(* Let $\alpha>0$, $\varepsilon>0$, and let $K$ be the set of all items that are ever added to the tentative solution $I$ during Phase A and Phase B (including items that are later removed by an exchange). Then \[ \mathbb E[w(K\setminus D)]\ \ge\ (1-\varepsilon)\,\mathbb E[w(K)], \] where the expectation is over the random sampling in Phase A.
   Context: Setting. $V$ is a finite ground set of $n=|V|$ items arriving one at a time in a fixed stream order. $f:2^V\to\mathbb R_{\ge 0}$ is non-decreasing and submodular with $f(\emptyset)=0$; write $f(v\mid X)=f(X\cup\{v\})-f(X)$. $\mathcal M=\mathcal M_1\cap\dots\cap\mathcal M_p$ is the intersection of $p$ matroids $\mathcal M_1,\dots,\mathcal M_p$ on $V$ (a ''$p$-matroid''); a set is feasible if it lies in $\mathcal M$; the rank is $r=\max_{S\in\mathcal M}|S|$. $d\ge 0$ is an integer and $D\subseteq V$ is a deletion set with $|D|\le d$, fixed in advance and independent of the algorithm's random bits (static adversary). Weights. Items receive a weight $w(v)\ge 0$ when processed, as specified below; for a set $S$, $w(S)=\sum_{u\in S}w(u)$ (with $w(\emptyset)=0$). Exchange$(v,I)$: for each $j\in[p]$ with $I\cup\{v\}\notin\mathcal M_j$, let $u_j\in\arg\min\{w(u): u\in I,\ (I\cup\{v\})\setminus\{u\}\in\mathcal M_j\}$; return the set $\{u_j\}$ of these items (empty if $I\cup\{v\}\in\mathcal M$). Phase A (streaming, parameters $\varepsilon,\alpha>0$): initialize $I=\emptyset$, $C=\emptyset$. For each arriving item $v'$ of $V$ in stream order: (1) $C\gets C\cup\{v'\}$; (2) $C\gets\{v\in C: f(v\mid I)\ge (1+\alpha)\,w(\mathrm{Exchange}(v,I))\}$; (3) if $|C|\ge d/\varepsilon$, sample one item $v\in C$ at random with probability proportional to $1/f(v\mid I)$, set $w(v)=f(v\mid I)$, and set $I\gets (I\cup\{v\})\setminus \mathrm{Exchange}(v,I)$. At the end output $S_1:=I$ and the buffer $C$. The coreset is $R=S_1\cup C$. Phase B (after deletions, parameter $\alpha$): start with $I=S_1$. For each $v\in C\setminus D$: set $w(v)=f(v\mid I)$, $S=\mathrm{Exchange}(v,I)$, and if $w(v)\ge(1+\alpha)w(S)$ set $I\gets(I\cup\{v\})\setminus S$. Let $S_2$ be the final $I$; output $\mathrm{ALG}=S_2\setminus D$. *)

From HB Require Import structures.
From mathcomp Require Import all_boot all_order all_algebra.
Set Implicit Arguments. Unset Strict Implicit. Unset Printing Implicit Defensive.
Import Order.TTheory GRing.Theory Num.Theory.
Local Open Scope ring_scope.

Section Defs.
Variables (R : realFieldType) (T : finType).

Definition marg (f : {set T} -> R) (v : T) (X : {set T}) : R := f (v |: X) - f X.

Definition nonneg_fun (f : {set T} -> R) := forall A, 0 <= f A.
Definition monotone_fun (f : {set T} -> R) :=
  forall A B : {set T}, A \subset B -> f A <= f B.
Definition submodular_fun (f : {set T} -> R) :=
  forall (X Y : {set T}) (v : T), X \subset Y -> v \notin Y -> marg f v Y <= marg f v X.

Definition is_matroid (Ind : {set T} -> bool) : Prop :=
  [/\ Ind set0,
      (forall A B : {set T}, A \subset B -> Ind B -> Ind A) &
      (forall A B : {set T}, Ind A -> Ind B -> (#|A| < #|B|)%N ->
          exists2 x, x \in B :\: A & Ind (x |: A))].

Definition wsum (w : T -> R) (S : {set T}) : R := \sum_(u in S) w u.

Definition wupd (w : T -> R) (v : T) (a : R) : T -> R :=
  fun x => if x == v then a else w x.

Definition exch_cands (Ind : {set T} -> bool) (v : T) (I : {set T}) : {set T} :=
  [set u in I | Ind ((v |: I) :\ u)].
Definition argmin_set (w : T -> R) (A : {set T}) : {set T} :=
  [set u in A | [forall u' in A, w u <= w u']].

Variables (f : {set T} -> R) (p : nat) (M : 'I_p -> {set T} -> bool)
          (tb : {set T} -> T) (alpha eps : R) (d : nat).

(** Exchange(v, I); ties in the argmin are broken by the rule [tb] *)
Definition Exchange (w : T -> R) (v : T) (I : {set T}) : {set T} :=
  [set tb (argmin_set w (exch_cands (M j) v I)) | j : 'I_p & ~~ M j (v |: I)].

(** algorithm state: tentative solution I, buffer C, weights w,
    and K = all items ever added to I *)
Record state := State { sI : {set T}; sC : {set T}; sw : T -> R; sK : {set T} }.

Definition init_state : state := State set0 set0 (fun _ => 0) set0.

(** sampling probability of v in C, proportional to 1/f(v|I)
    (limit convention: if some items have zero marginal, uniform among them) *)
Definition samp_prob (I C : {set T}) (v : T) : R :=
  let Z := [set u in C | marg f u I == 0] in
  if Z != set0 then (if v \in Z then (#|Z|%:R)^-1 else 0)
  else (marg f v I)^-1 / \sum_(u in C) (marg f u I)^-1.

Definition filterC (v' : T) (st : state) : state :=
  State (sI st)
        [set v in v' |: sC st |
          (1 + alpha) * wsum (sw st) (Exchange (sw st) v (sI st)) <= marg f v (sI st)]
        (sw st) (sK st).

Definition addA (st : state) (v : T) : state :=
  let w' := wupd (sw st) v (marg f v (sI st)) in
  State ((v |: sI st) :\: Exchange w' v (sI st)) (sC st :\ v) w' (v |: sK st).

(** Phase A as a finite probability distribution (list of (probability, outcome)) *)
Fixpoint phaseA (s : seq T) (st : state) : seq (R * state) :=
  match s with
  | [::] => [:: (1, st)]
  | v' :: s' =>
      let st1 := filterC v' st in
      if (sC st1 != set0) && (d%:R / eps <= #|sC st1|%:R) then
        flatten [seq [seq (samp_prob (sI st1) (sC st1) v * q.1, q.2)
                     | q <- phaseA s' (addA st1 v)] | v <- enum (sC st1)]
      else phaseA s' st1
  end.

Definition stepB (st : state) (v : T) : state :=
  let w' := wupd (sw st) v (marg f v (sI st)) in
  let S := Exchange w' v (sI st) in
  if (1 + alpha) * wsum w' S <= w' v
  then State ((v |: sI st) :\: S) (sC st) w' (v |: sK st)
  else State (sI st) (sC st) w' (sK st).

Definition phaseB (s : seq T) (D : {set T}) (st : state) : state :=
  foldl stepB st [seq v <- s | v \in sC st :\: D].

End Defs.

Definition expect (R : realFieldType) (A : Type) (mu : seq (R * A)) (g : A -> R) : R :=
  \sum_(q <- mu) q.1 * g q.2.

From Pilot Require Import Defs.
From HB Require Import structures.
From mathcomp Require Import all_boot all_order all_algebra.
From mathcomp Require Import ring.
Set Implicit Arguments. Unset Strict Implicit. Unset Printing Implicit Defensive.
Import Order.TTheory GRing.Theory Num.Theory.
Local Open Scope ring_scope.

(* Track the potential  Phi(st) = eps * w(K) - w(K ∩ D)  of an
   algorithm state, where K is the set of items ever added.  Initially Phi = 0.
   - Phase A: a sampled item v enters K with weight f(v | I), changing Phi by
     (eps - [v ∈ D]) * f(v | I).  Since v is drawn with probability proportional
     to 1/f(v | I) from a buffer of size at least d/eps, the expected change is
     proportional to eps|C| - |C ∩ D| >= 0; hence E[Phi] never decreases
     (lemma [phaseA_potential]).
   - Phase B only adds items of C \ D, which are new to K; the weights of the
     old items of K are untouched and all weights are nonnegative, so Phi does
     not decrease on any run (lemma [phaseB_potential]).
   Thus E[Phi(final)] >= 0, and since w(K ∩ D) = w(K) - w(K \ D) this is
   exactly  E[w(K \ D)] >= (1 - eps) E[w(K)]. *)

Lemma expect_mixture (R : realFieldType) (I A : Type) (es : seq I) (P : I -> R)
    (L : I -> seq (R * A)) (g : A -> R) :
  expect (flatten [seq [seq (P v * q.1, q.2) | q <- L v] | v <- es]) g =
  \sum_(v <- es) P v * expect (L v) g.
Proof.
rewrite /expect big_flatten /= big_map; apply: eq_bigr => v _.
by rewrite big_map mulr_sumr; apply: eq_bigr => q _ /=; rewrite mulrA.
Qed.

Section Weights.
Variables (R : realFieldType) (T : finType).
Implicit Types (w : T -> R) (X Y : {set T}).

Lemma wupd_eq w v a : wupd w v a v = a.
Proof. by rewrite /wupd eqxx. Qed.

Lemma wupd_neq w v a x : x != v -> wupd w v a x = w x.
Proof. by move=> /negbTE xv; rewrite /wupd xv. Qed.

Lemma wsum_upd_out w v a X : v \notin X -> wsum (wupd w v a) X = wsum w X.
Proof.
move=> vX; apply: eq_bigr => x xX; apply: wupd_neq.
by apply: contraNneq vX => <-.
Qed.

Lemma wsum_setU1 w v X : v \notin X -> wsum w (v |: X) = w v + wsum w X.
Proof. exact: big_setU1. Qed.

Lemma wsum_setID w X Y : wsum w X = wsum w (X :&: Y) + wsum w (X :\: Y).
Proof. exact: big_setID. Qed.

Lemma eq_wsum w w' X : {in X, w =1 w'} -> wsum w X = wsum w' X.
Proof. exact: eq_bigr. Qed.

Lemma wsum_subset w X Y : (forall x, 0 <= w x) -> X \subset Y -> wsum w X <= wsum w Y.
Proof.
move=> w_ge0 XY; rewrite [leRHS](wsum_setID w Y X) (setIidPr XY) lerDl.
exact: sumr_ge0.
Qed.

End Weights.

#####

● ACTIVITY
Print again the lines of the entries above that fall between the line holding "Proof. by move=>" and the line holding "Proof. exact: big_setU1. Qed.", inclusive, exactly as they stand.

● WRITTEN SOLUTION
Proof. by move=> /negbTE xv; rewrite /wupd xv. Qed.

Lemma wsum_upd_out w v a X : v \notin X -> wsum (wupd w v a) X = wsum w X.
Proof.
move=> vX; apply: eq_bigr => x xX; apply: wupd_neq.
by apply: contraNneq vX => <-.
Qed.

Lemma wsum_setU1 w v X : v \notin X -> wsum w (v |: X) = w v + wsum w X.
Proof. exact: big_setU1. Qed.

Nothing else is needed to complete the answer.